In cases where empirical treatment is ineffective, the initial assessment must be dynamically reviewed and analyzed, along with reassessment of the patient’s condition, examination of possible sites of infection and pathogenic microorganisms, and careful review of empirical treatment protocols for standardization. In cases where there is still no clear evidence of the site of infection and etiology, if the empirical therapeutic agent is cefepime or piperacillin-triazobactam, it should be replaced with a hydrocarbon-enzyme class; as there are partial differences in the resistance mechanisms of different hydrocarbon-enzyme class drugs to Pseudomonas aeruginosa, and also in recent years, CHINET surveillance has suggested a significant increase in the detection rate and resistance rate of domestic immobile bacteria, immobile bacteria and P. aeruginosa If the empirical treatment is hydrogenase alkenes, it is recommended to switch to another type of hydrogenase alkenes, and can be combined with drugs containing sulbactam such as cefoperazone/sulbactam. In addition, the proportion of Gram-positive bacterial infections has been increasing in recent years due to the widespread use of broad-spectrum antibiotics targeting mainly Gram-negative bacteria, the routine use of central venous cannulation and mucosal injury due to radiotherapy. Therefore, the need for empirical addition of anti-G+ bacteria drugs should be carefully considered along with the switch of anti-G- bacteria drugs.

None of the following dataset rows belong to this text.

(* Let $X$ be a real Banach space and $f:X\to\mathbb{R}\cup\{+\infty\}$ proper, convex and lsc. Let $x\in\mathrm{int}(\mathrm{dom}\, f)$, let $v^*\in X^*$ be a point at which $f^*$ is Fréchet differentiable, and set $\widehat{a}=Df^*(v^* )$. Assume $F_{\partial f}(x,v^* )=f(x)+f^*(v^* )$. Then (i) $\mathcal{M}_{\partial f}(x,v^* )\neq\varnothing$; (ii) for every $(a,a^* )\in\mathcal{M}_{\partial f}(x,v^* )$ one has $a=\widehat{a}$ and $a^*\in\partial f(x)\cap\partial f(\widehat{a})$.
   Context: $f^*$ is the Fenchel conjugate; at a Fréchet differentiability point $v^*$ of $f^*$ the derivative $Df^*(v^* )$ belongs to $X$. $F_{\partial f}(x,x^* )=\sup_{(y,y^* )\in\mathrm{Gr}(\partial f)}\{\langle y,x^*\rangle+\langle x,y^*\rangle-\langle y,y^*\rangle\}$ and $\mathcal{M}_{\partial f}(x,x^* )=\{(a,a^* )\in\mathrm{Gr}(\partial f): F_{\partial f}(x,x^* )=\langle x,a^*\rangle+\langle a,x^*\rangle-\langle a,a^*\rangle\}$. *)

From HB Require Import structures.
From mathcomp Require Import all_boot all_order all_algebra.
From mathcomp Require Import all_classical all_reals.
From mathcomp Require Import ereal topology normedtype.
Set Implicit Arguments. Unset Strict Implicit. Unset Printing Implicit Defensive.
Import Order.TTheory GRing.Theory Num.Theory.
Import numFieldNormedType.Exports.
Local Open Scope classical_set_scope.
Local Open Scope ring_scope.

Section Defs.
Context {R : realType} {X : normedModType R}.

Definition is_dual (phi : X -> R) : Prop :=
  (forall (a : R) (x y : X), phi (a *: x + y) = a * phi x + phi y)
  /\ continuous phi.

Definition dnorm (phi : X -> R) : R :=
  sup [set `|phi x| | x in [set x : X | `|x| <= 1]].

Definition proper_fun (f : X -> \bar R) : Prop :=
  (forall x, f x != -oo%E) /\ (exists x, f x \is a fin_num).

Definition convex_fun (f : X -> \bar R) : Prop :=
  forall (x y : X) (t : R), 0 < t < 1 ->
    (f (t *: x + (1 - t) *: y)%R <= t%:E * f x + (1 - t)%:E * f y)%E.

Definition lsc_fun (f : X -> \bar R) : Prop :=
  forall c : R, closed [set x | (f x <= c%:E)%E].

Definition dom (f : X -> \bar R) : set X := [set x | (f x < +oo)%E].

Definition fconj (f : X -> \bar R) (phi : X -> R) : \bar R :=
  ereal_sup [set ((phi y)%:E - f y)%E | y in [set: X]].

Definition subdiff (f : X -> \bar R) (x : X) : set (X -> R) :=
  [set phi | is_dual phi /\ f x \is a fin_num /\
     forall y, (f x + (phi (y - x)%R)%:E <= f y)%E].

Definition graph_subdiff (f : X -> \bar R) : set (X * (X -> R)) :=
  [set p | subdiff f p.1 p.2].

Definition fitzpatrick (f : X -> \bar R) (x : X) (xs : X -> R) : \bar R :=
  ereal_sup [set (xs p.1 + p.2 x - p.2 p.1)%:E | p in graph_subdiff f].

Definition Mset (f : X -> \bar R) (x : X) (xs : X -> R) : set (X * (X -> R)) :=
  [set p | graph_subdiff f p /\
     fitzpatrick f x xs = (p.2 x + xs p.1 - p.2 p.1)%:E].

Definition frechet_diff_at (g : (X -> R) -> \bar R) (v : X -> R) (a : X) : Prop :=
  g v \is a fin_num /\
  forall eps : R, 0 < eps -> exists2 delta : R, 0 < delta &
    forall h : X -> R, is_dual h -> dnorm h < delta ->
      (`| g (v \+ h)%R - g v - (h a)%:E | <= (eps * dnorm h)%:E)%E.

End Defs.

(* Let fsv = f^*(vs). Take (y, ys) in the graph of the subdifferential whose
   Fitzpatrick value is eps-close to f(x) + fsv. That gap is the sum of the
   Fenchel-Young gap of vs at y and of the subgradient gap of ys between y and
   x, so y is an eps-maximizer of vs - f and ys is an eps-subgradient at x.
   Frechet differentiability of f^* at vs forces eps-maximizers to converge
   to ahat (Smulian), lower semicontinuity then gives f(ahat) = vs(ahat) - fsv,
   and the upper bound of f near the interior point x bounds all such ys
   uniformly. Instead of extracting a weak-star cluster point of the ys,
   Hahn-Banach yields a continuous linear L below the sublinear envelope
   w |-> inf_eps sup { ys w | (y, ys) eps-optimal }; L is a subgradient at x
   and at ahat, so (ahat, L) lies in M. Conversely an element of M is
   eps-optimal for every eps, which forces a = ahat and a^* in the
   subdifferential at x. *)

From HB Require Import structures.
From mathcomp Require Import all_boot all_order all_algebra.
From mathcomp Require Import all_classical all_reals.
From mathcomp Require Import ereal topology normedtype sequences.
From mathcomp Require Import ring lra.
Import Order.TTheory GRing.Theory Num.Theory.
Import numFieldNormedType.Exports.
Local Open Scope classical_set_scope.
Local Open Scope ring_scope.

Set Implicit Arguments. Unset Strict Implicit. Unset Printing Implicit Defensive.

Section LinearForm.
Context {R : pzRingType} {X : lmodType R}.

Definition linear_form (L : X -> R) := forall a x y, L (a *: x + y) = a * L x + L y.

Variables (L : X -> R) (linL : linear_form L).

Lemma linear_form0 : L 0 = 0.
Proof.
have := linL 1 0 0; rewrite scale1r addr0 mul1r => L00.
by apply: (addrI (L 0)); rewrite addr0 -L00.
Qed.

Lemma linear_formD x y : L (x + y) = L x + L y.
Proof. by rewrite -[x in LHS]scale1r linL mul1r. Qed.

Lemma linear_formZ a x : L (a *: x) = a * L x.
Proof. by rewrite -[_ *: _]addr0 linL linear_form0 addr0. Qed.

Lemma linear_formN x : L (- x) = - L x.
Proof. by rewrite -scaleN1r linear_formZ mulN1r. Qed.

Lemma linear_formB x y : L (x - y) = L x - L y.
Proof. by rewrite linear_formD linear_formN. Qed.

Re-evaluation is required 2-4 days after the change of treatment, and those who are effective continue the relevant treatment until discontinuation; if the change of medication is still ineffective, it is necessary to review the lung CT and other examinations, and strengthen the etiological examination, because with the prolongation of granulocytopenia and the application of broad-spectrum antimicrobial agents, mixed infections increase, which can be both a mixture of multiple bacteria and a mixture of bacteria, fungi, viruses and tuberculosis. At this time, antifungal drugs should be added, and azoles, echinocandins or polyenes can be used according to the patient’s condition, but if a clinical diagnosis of Aspergillus infection is proposed, voriconazole is preferable. The need to remove the central venous placement should be considered along with the active search for the foci of infection and the pathogenic microorganisms.
(3) About step-down: Patients with granulomatous deficiency complicated by infectious fever mostly have unknown foci of infection and pathogenic microorganisms, how to step down is a noteworthy issue, and inappropriate step-down treatment has the risk of lethal infection. Although broad-spectrum antibiotic treatment of granulomatous fever with infectious fever has the risk of causing dysbiosis that leads to multiple infections and inducing drug-resistant bacteria, in general, granulomatous fever with unknown cause of fever should not be routinely step-down to antimicrobials, and step-down therapy is usually limited to patients with a clear pathogenic microorganism or site of infection. For example, G- bacteria producing ESBLs need to be treated with carbapenems, while carbapenemase-producing bacteria need to be treated with polymyxin or tigecycline instead; G+ cocci need to be treated with vancomycin or linezolid if they are methicillin-resistant Staphylococcus aureus, while vancomycin-resistant enterococci need to be treated with linezolid.
Therefore, patients with granulocyte deficiency complicated by infection should be evaluated for their condition as soon as possible before treatment and examined for possible sites of infection and tested for pathogenic organisms. Antimicrobial therapy should be administered early, promptly, and reasonably based on the epidemiology of local bacteria, and the efficacy should be judged promptly after 2-4 days to decide how to adjust the treatment. Patients with evidence of pathogenesis or foci of infection may be treated in descending steps as appropriate; in the case of unexplained fever, anti-infective therapy is administered until temperature is normal for 3 days and granulocytes are above 0.5 × 109/L.